Remote site routers are programmed to configure DNS (via DHCP) for any computers there. For example, our main site is 10.1.1.X and DNS server is 10.1.1.21. Any remote site (10.2.1.X, for example) systems are configured to point to 10.1.1.21 for DNS resolution. Of course, it's not a bad idea to have a couple of DNS servers internally as you can replicate the DNS configuration that way.
Sometimes you carpe diem, sometimes your diem gets carped.
Didn't really have a chance until now to fully look at your config.
What I see is Main: Netopia Router 10.1.1.2/24 with the following routes: 0.0.0.0 0.0.0.0 12.68.210.145 WAN (Internet) 10.1.1.0 255.255.255.0 10.1.1.2 LAN & Wireless 10.1.4.0 255.255.255.0 10.1.1.245 LAN & Wireless 10.1.5.0 255.255.255.0 10.1.1.245 LAN & Wireless 12.68.210.144 255.255.255.248 12.68.210.146 WAN (Internet) (looks good) DHCP Server 1p address 10.1.1.250 DNS Server ip address 10.1.1.250?
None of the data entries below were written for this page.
(* Let $(\Omega,\mathcal F,\mathbb P)$ be a probability space with a measurable action $\{\theta_x\}_{x\in\mathbb R^{2d}}$ under which $\mathbb P$ is invariant, and let $v(x,\omega)=\hat v(\theta_x\omega)$ be a stationary process with $\hat v$ measurable and $\mathbb E|\hat v|<\infty$. For $\ell=(\ell_1,\dots,\ell_{2d})$ with $\ell_i>0$ put $I(\ell)=\prod_{i=1}^{2d}[-\ell_i,\ell_i]$. Then for $\mathbb P$-almost every $\omega$ there is a sequence $\ell^r=(\ell^r_1,\dots,\ell^r_{2d})$ with $\ell^r_i\to\infty$ as $r\to\infty$ for each $i$, such that $$\sup_r\ \sigma(\partial I(\ell^r))^{-1}\int_{\partial I(\ell^r)}|v(x,\omega)|\,\sigma(dx)<\infty,$$ where $\sigma$ is the $(2d-1)$-dimensional surface measure. *)

From HB Require Import structures.
From mathcomp Require Import all_boot all_order all_algebra.
From mathcomp Require Import all_classical all_reals all_analysis.

Set Implicit Arguments.
Unset Strict Implicit.
Unset Printing Implicit Defensive.

Import Order.TTheory GRing.Theory Num.Theory.
Local Open Scope classical_set_scope.
Local Open Scope ring_scope.

(* Points of R^n are n-tuples of reals; n.-tuple R carries the product
   (= Borel) sigma-algebra from measurable_structure.v. *)

Definition tzero (R : realType) (n : nat) : n.-tuple R := [tuple (0 : R) | i < n].
Definition tadd (R : realType) (n : nat) (x y : n.-tuple R) : n.-tuple R :=
  [tuple tnth x i + tnth y i | i < n].

Fixpoint iter_box_int (R : realType) (n : nat) (l : 'I_n -> R) (js : seq 'I_n)
    (x : 'I_n -> R) (g : ('I_n -> R) -> \bar R) : \bar R :=
  match js with
  | [::] => g x
  | j :: js' =>
      (\int[@lebesgue_measure R]_(t in `[(- l j)%R, (l j)%R]%classic)
         iter_box_int l js' (fun k => if k == j then t else x k) g)%E
  end.

(* Integral over the face {x_i = s} of the box I(l) = prod_i [-l_i, l_i],
   w.r.t. (n-1)-dimensional Lebesgue (surface) measure on that face. *)
Definition face_int (R : realType) (n : nat) (l : 'I_n -> R) (i : 'I_n) (s : R)
    (g : ('I_n -> R) -> \bar R) : \bar R :=
  iter_box_int l [seq j <- enum 'I_n | j != i] (fun k => if k == i then s else 0) g.

Definition boundary_int (R : realType) (n : nat) (l : 'I_n -> R)
    (g : ('I_n -> R) -> \bar R) : \bar R :=
  (\sum_(i < n) (face_int l i (l i) g + face_int l i (- l i) g))%E.

Definition boundary_area (R : realType) (n : nat) (l : 'I_n -> R) : R :=
  \sum_(i < n) 2 * \prod_(j < n | j != i) (2 * l j).

Definition boundary_avg (R : realType) (n : nat) (dO : measure_display)
    (Omega : measurableType dO) (theta : n.-tuple R -> Omega -> Omega)
    (vhat : Omega -> R) (l : 'I_n -> R) (omega : Omega) : \bar R :=
  ((boundary_area l)^-1%:E *
   boundary_int l (fun x => (`| vhat (theta [tuple x i | i < n] omega) |)%:E))%E.

From HB Require Import structures.
From mathcomp Require Import all_boot all_order all_algebra.
From mathcomp Require Import all_classical all_reals all_analysis.
From mathcomp Require Import measurable_realfun.
From mathcomp Require Import ring lra.

(** Stationarity and Tonelli give E[A_r] <= E|vhat| for the boundary averages
    A_r of |v| over the cubes of side 2(r+1): each point of the boundary
    contributes E|vhat(theta_x .)| = E|vhat|.  By Fatou's lemma the liminf of
    A_r has finite expectation, hence is finite almost surely, and along a
    subsequence of radii realising this liminf the averages stay bounded. *)

Set Implicit Arguments.
Unset Strict Implicit.
Unset Printing Implicit Defensive.

Import Order.TTheory GRing.Theory Num.Theory.
Local Open Scope classical_set_scope.
Local Open Scope ring_scope.

Lemma lebesgue_measure_itvNr (R : realType) (r : R) : 0 <= r ->
  (lebesgue_measure `[(- r)%R, r]%classic = (2 * r)%:E)%E.
Proof.
move=> r0; rewrite lebesgue_measure_itv /= lte_fin.
case: ltP => [_ | r_le]; last by congr EFin; lra.
by rewrite opprK -EFinD; congr EFin; lra.
Qed.

Lemma measurable_patch_snd (R : realType) dT (T : measurableType dT)
    (D : set R) (F : T -> R -> \bar R) : measurable D ->
  measurable_fun setT (fun z : T * R => F z.1 z.2) ->
  measurable_fun setT (fun z : T * R => (F z.1 \_ D) z.2).
Proof.
move=> mD mF.
have -> : (fun z : T * R => (F z.1 \_ D) z.2) =
          (fun z => F z.1 z.2 * (\1_D z.2 : R)%:E)%E.
  apply/funext => -[x t] /=; rewrite /patch indicE.
  by case: ifP => _; rewrite ?mule1 ?mule0.
apply: emeasurable_funM => //.
by apply/measurable_EFinP; apply: measurableT_comp.
Qed.

Lemma limn_einf_fin_num_subseq (R : realType) (u : nat -> \bar R) :
  limn_einf u \is a fin_num ->
  exists M : R, exists phi : nat -> nat,
    (forall r, r <= phi r)%N /\ forall r, (u (phi r) <= M%:E)%E.
Proof.
rewrite limn_einf_lim => u_fin.
have u_lim := cvg_lim (@ereal_hausdorff R) (@cvg_einfs_sup R u).
suff /choice[phi phiP] : forall m, exists k, (m <= k)%N /\
    (u k <= (fine (limn (einfs u)) + 1)%:E)%E.
  by exists (fine (limn (einfs u)) + 1), phi; split => r; case: (phiP r).
move=> m.
have einfs_le : (einfs u m <= limn (einfs u))%E.
  by rewrite u_lim; apply: ereal_sup_ubound; exists m.
have : (einfs u m < (fine (limn (einfs u)) + 1)%:E)%E.
  by apply: (le_lt_trans einfs_le); rewrite -{1}(fineK u_fin) lte_fin; lra.
by move=> /ereal_inf_lt[_ [k /= mk <-] /ltW]; exists k.
Qed.

Lemma natr_cvgy_of_ge_id (R : realType) (phi : nat -> nat) :
  (forall r, r <= phi r)%N -> (fun r => (phi r)%:R : R) @ \oo --> +oo.
Proof.
move=> phi_ge; apply: (ger_cvgy _ (@cvgr_idn R)).
by apply: nearW => r; rewrite ler_nat.
Qed.

Section fatou_ae.
Variables (d : measure_display) (T : measurableType d) (R : realType).
Variables (mu : {measure set T -> \bar R}) (A : nat -> T -> \bar R) (c : R).
Hypotheses (A_meas : forall r, measurable_fun setT (A r))
  (A_ge0 : forall r w, (0 <= A r w)%E)
  (A_int_le : forall r, (\int[mu]_w A r w <= c%:E)%E).

Lemma ae_limn_einf_fin_num :
  {ae mu, forall w, limn_einf (A ^~ w) \is a fin_num}.
Proof.
pose F w := limn_einf (A ^~ w).
have FE : F = fun w => limn (einfs (A ^~ w)).
  by apply/funext => w; rewrite /F limn_einf_lim.
have F_ge0 w : (0 <= F w)%E.
  rewrite FE; apply: lime_ge; first exact: is_cvg_einfs.
  by apply: nearW => m; apply: le_ereal_inf_tmp => _ [k /= _ <-].
have F_meas : measurable_fun setT F.
  rewrite FE; apply: (emeasurable_fun_cvg (fun m w => einfs (A ^~ w) m)).
    exact: measurable_fun_einfs.
  by move=> w _; exact: is_cvg_einfs.
have F_int_le : (\int[mu]_w F w <= c%:E)%E.
  apply: (le_trans (fatou mu measurableT A_meas (fun r w _ => A_ge0 r w))).
  rewrite limn_einf_lim; apply: lime_le; first exact: is_cvg_einfs.
  apply: nearW => m; apply: (le_trans (ereal_inf_lbound _)); last exact: A_int_le.
  by exists m => /=.
have F_int : mu.-integrable setT F.
  apply/integrableP; split => //.
  under eq_integral do rewrite gee0_abs //.
  exact: (le_lt_trans F_int_le (ltry _)).
by apply: filterS (integrable_ae measurableT F_int) => w /(_ I).
Qed.

End fatou_ae.

(* ['I_n -> R] carries no sigma-algebra here, so joint measurability of
   [G] is expressed through measurable substitutions; in this form it
   survives integrating out one coordinate of [x]. *)
Definition param_measurable (R : realType) (n : nat) (dO : measure_display)
    (Omega : measurableType dO) (G : Omega -> ('I_n -> R) -> \bar R) :=
  forall dT (T : measurableType dT) (a : T -> Omega) (u : T -> 'I_n -> R),
    measurable_fun setT a -> (forall k, measurable_fun setT (u ^~ k)) ->
    measurable_fun setT (fun t => G (a t) (u t)).

Section box_integrals.
Variables (R : realType) (n : nat) (l : 'I_n -> R).

Lemma iter_box_int_ge0 js x (g : ('I_n -> R) -> \bar R) :
  (forall y, (0 <= g y)%E) -> (0 <= iter_box_int l js x g)%E.
Proof.
move=> g0; elim: js x => [|j js IH] x /=; first exact: g0.
by apply: integral_ge0 => t _; exact: IH.
Qed.

Lemma boundary_int_ge0 (g : ('I_n -> R) -> \bar R) :
  (forall y, (0 <= g y)%E) -> (0 <= boundary_int l g)%E.
Proof.
move=> g0; apply: sume_ge0 => i _.
by apply: adde_ge0; exact: iter_box_int_ge0.
Qed.

Lemma boundary_area_ge0 : (forall j, 0 <= l j) -> 0 <= boundary_area l.
Proof.
move=> l0; apply: sumr_ge0 => i _; apply: mulr_ge0 => //.
by apply: prodr_ge0 => j _; apply: mulr_ge0.
Qed.

Variables (dO : measure_display) (Omega : measurableType dO).
Variable G : Omega -> ('I_n -> R) -> \bar R.
Hypotheses (G_meas : param_measurable G) (G_ge0 : forall w y, (0 <= G w y)%E).

Lemma measurable_iter_box_int js dT (T : measurableType dT)
    (a : T -> Omega) (u : T -> 'I_n -> R) :
  measurable_fun setT a -> (forall k, measurable_fun setT (u ^~ k)) ->
  measurable_fun setT (fun t => iter_box_int l js (u t) (G (a t))).
Proof.
elim: js dT T a u => [|j js IH] dT T a u ma mu /=; first exact: G_meas.
pose F s t := iter_box_int l js (fun k => if k == j then t else u s k) (G (a s)).
have F_meas : measurable_fun setT (fun z : T * R => F z.1 z.2).
  apply: IH; first exact: measurableT_comp.
  move=> k /=; case: (k == j); first exact: measurable_snd.
  exact: measurableT_comp (mu k) measurable_fst.
have Fp_ge0 (z : T * R) : (0 <= (F z.1 \_ `[(- l j)%R, (l j)%R]) z.2)%E.
  by rewrite /patch; case: ifP => _ //; exact: iter_box_int_ge0.
have := measurable_fun_fubini_tonelli_F (m2 := lebesgue_measure)
  (fun z : T * R => (F z.1 \_ `[(- l j)%R, (l j)%R]) z.2).
move=> /(_ (measurable_patch_snd (measurable_itv _) F_meas) Fp_ge0).
by apply: eq_measurable_fun => t _; rewrite integral_mkcond.
Qed.

Lemma measurable_face_int i s :
  measurable_fun setT (fun w => face_int l i s (G w)).
Proof. exact: (measurable_iter_box_int _ (a := id) (u := fun=> _)). Qed.

Lemma measurable_boundary_int : measurable_fun setT (fun w => boundary_int l (G w)).
Proof.
apply: emeasurable_sum => i.
by apply: emeasurable_funD; exact: measurable_face_int.
Qed.

Variables (P : {sigma_finite_measure set Omega -> \bar R}) (c : R).
Hypotheses (G_int : forall x, (\int[P]_w G w x = c%:E)%E)
  (l_ge0 : forall j, 0 <= l j).

Lemma integral_iter_box_int js x :
  (\int[P]_w iter_box_int l js x (G w) = (\prod_(j <- js) (2 * l j) * c)%:E)%E.
Proof.
elim: js x => [|j js IH] x /=; first by rewrite big_nil mul1r.
pose F w t := iter_box_int l js (fun k => if k == j then t else x k) (G w).
pose f (z : Omega * R) := (F z.1 \_ `[(- l j)%R, (l j)%R]) z.2.
have f_meas : measurable_fun setT f.
  apply: measurable_patch_snd => //.
  apply: (measurable_iter_box_int _ measurable_fst) => k /=.
  by case: (k == j); [exact: measurable_snd | exact: measurable_cst].
have f_ge0 z : (0 <= f z)%E.
  by rewrite /f /patch; case: ifP => _ //; exact: iter_box_int_ge0.
transitivity (\int[P]_w \int[lebesgue_measure]_t f (w, t))%E.
  by apply: eq_integral => w _; rewrite integral_mkcond.
rewrite (@fubini_tonelli _ _ _ _ _ P lebesgue_measure f f_meas f_ge0).
transitivity (\int[lebesgue_measure]_(t in `[(- l j)%R, (l j)%R])
                (\prod_(k <- js) (2 * l k) * c)%:E)%E.
  rewrite [RHS]integral_mkcond; apply: eq_integral => t _.
  rewrite /f /patch /=; case: ifP => _; first exact: IH.
  exact: integral0.
rewrite integral_cst // [X in (_ * X)%E]lebesgue_measure_itvNr // -EFinM big_cons.
by congr EFin; ring.
Qed.

Lemma integral_face_int i s :
  (\int[P]_w face_int l i s (G w) = (\prod_(j < n | j != i) (2 * l j) * c)%:E)%E.
Proof. by rewrite integral_iter_box_int big_filter big_enum_cond. Qed.

Lemma integral_boundary_avg_le : 0 <= c ->
  (\int[P]_w ((boundary_area l)^-1%:E * boundary_int l (G w)) <= c%:E)%E.
Proof.
move=> c0.
have face_ge0 i s w : (0 <= face_int l i s (G w))%E by exact: iter_box_int_ge0.
rewrite ge0_integralZl_EFin //; last 3 first.
- by move=> w _; exact: boundary_int_ge0.
- exact: measurable_boundary_int.
- by rewrite invr_ge0 boundary_area_ge0.
have int_boundary : (\int[P]_w boundary_int l (G w) = (boundary_area l * c)%:E)%E.
  rewrite ge0_integral_sum //; last 2 first.
  - by move=> i; apply: emeasurable_funD; exact: measurable_face_int.
  - by move=> i w _; exact: adde_ge0.
  rewrite /boundary_area mulr_suml -sumEFin; apply: eq_bigr => i _.
  rewrite ge0_integralD //; try exact: measurable_face_int.
  by rewrite !integral_face_int -EFinD; congr EFin; ring.
rewrite int_boundary -EFinM lee_fin mulrA.
have [->|area_neq0] := eqVneq (boundary_area l) 0; first by rewrite invr0 !mul0r.
by rewrite mulVf // mul1r.
Qed.

End box_integrals.

Section stationary_shift.
Variables (R : realType) (n : nat) (dO : measure_display) (Omega : measurableType dO).
Variable theta : n.-tuple R -> Omega -> Omega.
Hypothesis theta_meas :
  measurable_fun setT (fun p : (n.-tuple R * Omega)%type => theta p.1 p.2).
Variable h : Omega -> \bar R.
Hypothesis h_meas : measurable_fun setT h.

Lemma param_measurable_shift :
  param_measurable (fun w (x : 'I_n -> R) => h (theta [tuple x i | i < n] w)).
Proof.
move=> dT T a u ma mu; apply: (measurableT_comp h_meas).
have tuple_meas : measurable_fun setT (fun t => [tuple u t i | i < n]).
  apply/measurable_fun_tnthP => i.
  by apply: eq_measurable_fun (mu i) => t _ /=; rewrite tnth_mktuple.
exact: measurableT_comp theta_meas (measurable_fun_pair tuple_meas ma).
Qed.

Variable P : {measure set Omega -> \bar R}.
Hypothesis P_inv : forall x (A : set Omega), measurable A ->
  P (theta x @^-1` A) = P A.
Hypothesis h_ge0 : forall w, (0 <= h w)%E.

Lemma integral_shift x : (\int[P]_w h (theta x w) = \int[P]_w h w)%E.
Proof.
have shift_meas : measurable_fun setT (theta x).
  exact: measurable_fun_pair2 theta_meas.
have := ge0_integral_pushforward shift_meas P measurableT h_meas (fun w _ => h_ge0 w).
rewrite preimage_setT => <-.
by apply: eq_measure_integral => A mA _; exact: P_inv.
Qed.

End stationary_shift.

Theorem proposition3p3 (R : realType) (d : nat) (dO : measure_display)
    (Omega : measurableType dO) (P : probability Omega R)
    (theta : (2 * d)%N.-tuple R -> Omega -> Omega)
    (theta_meas : measurable_fun setT
       (fun p : ((2 * d)%N.-tuple R * Omega)%type => theta p.1 p.2))
    (theta0 : forall omega, theta (tzero R (2 * d)) omega = omega)
    (thetaD : forall x y omega, theta (tadd x y) omega = theta x (theta y omega))
    (P_inv : forall x (A : set Omega), measurable A ->
       P (theta x @^-1` A) = P A)
    (vhat : Omega -> R)
    (vhat_meas : measurable_fun setT vhat)
    (vhat_int : P.-integrable setT (EFin \o vhat)) :
  {ae P, forall omega : Omega,
    exists l : nat -> 'I_(2 * d) -> R,
      (forall r i, 0 < l r i) /\
      (forall i, (fun r => l r i) @ \oo --> +oo) /\
      exists M : R, forall r, (boundary_avg theta vhat (l r) omega <= M%:E)%E}.
Proof.
pose h w := (`|vhat w|)%:E.
have h_meas : measurable_fun setT h by apply/measurable_EFinP; exact: measurableT_comp.
have h_ge0 w : (0 <= h w)%E by rewrite lee_fin.
pose G w (x : 'I_(2 * d) -> R) := h (theta [tuple x i | i < (2 * d)%N] w).
have G_meas : param_measurable G by exact: param_measurable_shift.
have G_ge0 w x : (0 <= G w x)%E by exact: h_ge0.
have [c c_ge0 G_int] : exists2 c : R, 0 <= c & forall x, (\int[P]_w G w x = c%:E)%E.
  have /integrableP[_ h_fin] := vhat_int.
  exists (fine (\int[P]_w h w)); first by rewrite fine_ge0 // integral_ge0.
  by move=> x; rewrite integral_shift // fineK // ge0_fin_numE // integral_ge0.
pose A r := boundary_avg theta vhat (fun=> r.+1%:R).
have A_ge0 r w : (0 <= A r w)%E.
  by rewrite mule_ge0 ?boundary_int_ge0 // lee_fin invr_ge0 boundary_area_ge0.
have A_meas r : measurable_fun setT (A r).
  exact/measurable_funeM/(measurable_boundary_int _ G_meas G_ge0).
have A_int_le r : (\int[P]_w A r w <= c%:E)%E.
  exact: (integral_boundary_avg_le G_meas G_ge0 G_int).
apply: filterS (ae_limn_einf_fin_num A_meas A_ge0 A_int_le) => w /limn_einf_fin_num_subseq[M [phi [phi_ge A_le]]].
exists (fun r _ => (phi r).+1%:R); split => //; split => [i|]; last by exists M.
by apply: natr_cvgy_of_ge_id => r; exact: leqW.
Qed.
Main 3200 eth 0/0 ip address 10.1.1.245/24 ppp1 ip address 10.1.2.1/30 ppp2 ip address 10.1.3.1/30
One the remote routers make sure you can ping all IP addresses on the Netopia router. If you can you have static routes in the Netopia. If you can't fix that. Next I am guessing you are NATing on the Netopia, you must either add NAT statement for the LAN sides of the remote sites or NAT on the switch at the headend. The better solution is to add the NAT on the Netopia. You will then be able to ping to the internet ONLY if you source the ping on the LAN interface. Alternatively you could also NAT the P-to-P T1 addresses also and then you could ping directly from the remote routers.